_What the task asks_
With the line containing "Definition add_edge (V" as the start and the line containing "Theorem theorem2 (V" as the end, transcribe that span of the entries below exactly, including both.

# # #

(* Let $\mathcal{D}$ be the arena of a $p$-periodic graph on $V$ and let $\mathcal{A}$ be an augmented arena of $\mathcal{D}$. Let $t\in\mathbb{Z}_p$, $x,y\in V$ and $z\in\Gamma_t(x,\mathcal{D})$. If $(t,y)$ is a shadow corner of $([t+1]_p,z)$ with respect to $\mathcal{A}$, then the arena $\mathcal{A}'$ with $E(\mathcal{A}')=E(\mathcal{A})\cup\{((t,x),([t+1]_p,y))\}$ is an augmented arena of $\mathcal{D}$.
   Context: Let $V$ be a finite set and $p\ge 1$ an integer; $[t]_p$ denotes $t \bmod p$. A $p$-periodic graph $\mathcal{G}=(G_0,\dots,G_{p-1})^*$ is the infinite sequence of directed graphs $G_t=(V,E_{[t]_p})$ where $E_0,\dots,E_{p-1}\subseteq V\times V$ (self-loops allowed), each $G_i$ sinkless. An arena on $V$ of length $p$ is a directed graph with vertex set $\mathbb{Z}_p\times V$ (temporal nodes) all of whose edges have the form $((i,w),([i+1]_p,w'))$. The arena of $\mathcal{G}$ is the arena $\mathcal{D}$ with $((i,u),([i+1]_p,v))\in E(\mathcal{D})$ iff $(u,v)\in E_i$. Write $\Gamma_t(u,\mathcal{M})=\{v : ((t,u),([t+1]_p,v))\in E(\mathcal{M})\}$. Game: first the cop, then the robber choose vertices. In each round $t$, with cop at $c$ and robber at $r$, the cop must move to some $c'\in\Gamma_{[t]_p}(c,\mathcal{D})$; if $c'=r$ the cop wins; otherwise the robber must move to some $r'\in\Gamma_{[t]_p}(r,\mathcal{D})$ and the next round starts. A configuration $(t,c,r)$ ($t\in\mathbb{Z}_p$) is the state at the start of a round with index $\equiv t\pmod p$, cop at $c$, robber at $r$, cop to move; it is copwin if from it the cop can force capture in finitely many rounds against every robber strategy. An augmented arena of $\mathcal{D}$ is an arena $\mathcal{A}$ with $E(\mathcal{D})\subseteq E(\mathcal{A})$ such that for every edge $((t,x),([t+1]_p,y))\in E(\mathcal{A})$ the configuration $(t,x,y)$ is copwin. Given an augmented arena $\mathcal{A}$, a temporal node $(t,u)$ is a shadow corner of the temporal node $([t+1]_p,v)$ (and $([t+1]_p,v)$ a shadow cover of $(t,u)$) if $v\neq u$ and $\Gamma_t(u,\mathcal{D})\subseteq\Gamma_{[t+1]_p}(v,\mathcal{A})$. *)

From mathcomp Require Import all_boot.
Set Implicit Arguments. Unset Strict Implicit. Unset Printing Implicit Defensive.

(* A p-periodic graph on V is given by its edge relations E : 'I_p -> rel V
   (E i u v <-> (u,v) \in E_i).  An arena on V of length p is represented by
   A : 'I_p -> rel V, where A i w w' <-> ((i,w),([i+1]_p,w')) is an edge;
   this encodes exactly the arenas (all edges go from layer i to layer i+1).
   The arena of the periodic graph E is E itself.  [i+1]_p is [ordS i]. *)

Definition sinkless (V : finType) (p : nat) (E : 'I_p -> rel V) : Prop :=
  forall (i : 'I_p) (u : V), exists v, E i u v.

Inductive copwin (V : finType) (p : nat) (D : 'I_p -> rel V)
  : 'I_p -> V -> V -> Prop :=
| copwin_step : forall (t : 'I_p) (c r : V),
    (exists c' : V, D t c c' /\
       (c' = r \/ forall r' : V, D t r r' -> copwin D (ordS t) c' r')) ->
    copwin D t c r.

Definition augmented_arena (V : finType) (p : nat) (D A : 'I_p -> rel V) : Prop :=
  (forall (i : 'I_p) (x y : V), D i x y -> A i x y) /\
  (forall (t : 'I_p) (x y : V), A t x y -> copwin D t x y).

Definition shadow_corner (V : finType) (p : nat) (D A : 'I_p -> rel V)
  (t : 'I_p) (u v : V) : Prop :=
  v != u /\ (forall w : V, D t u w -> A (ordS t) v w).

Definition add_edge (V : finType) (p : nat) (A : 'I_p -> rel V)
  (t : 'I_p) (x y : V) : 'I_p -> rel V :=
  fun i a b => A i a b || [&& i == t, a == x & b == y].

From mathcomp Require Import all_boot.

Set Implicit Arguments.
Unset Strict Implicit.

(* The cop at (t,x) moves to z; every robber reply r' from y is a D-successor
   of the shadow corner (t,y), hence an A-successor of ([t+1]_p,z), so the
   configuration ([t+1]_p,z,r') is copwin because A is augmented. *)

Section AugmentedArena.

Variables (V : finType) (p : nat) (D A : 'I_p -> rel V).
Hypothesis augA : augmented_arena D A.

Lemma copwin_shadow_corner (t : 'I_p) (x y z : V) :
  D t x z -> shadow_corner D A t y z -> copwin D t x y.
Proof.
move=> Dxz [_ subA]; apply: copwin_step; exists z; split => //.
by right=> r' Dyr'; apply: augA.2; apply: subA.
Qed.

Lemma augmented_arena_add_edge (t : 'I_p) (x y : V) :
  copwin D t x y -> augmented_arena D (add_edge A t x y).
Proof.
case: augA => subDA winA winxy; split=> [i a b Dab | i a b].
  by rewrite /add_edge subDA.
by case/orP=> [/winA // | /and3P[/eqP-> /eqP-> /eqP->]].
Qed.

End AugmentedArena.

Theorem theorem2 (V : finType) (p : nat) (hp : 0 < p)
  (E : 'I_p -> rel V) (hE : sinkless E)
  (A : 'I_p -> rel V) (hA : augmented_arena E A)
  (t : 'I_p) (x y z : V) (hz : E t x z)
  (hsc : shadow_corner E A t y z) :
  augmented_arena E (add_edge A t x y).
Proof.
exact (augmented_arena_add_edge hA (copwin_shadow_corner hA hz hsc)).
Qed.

# # #

_Task solution_
Definition add_edge (V : finType) (p : nat) (A : 'I_p -> rel V)
  (t : 'I_p) (x y : V) : 'I_p -> rel V :=
  fun i a b => A i a b || [&& i == t, a == x & b == y].

From mathcomp Require Import all_boot.

Set Implicit Arguments.
Unset Strict Implicit.

(* The cop at (t,x) moves to z; every robber reply r' from y is a D-successor
   of the shadow corner (t,y), hence an A-successor of ([t+1]_p,z), so the
   configuration ([t+1]_p,z,r') is copwin because A is augmented. *)

Section AugmentedArena.

Variables (V : finType) (p : nat) (D A : 'I_p -> rel V).
Hypothesis augA : augmented_arena D A.

Lemma copwin_shadow_corner (t : 'I_p) (x y z : V) :
  D t x z -> shadow_corner D A t y z -> copwin D t x y.
Proof.
move=> Dxz [_ subA]; apply: copwin_step; exists z; split => //.
by right=> r' Dyr'; apply: augA.2; apply: subA.
Qed.

Lemma augmented_arena_add_edge (t : 'I_p) (x y : V) :
  copwin D t x y -> augmented_arena D (add_edge A t x y).
Proof.
case: augA => subDA winA winxy; split=> [i a b Dab | i a b].
  by rewrite /add_edge subDA.
by case/orP=> [/winA // | /and3P[/eqP-> /eqP-> /eqP->]].
Qed.

End AugmentedArena.

Theorem theorem2 (V : finType) (p : nat) (hp : 0 < p)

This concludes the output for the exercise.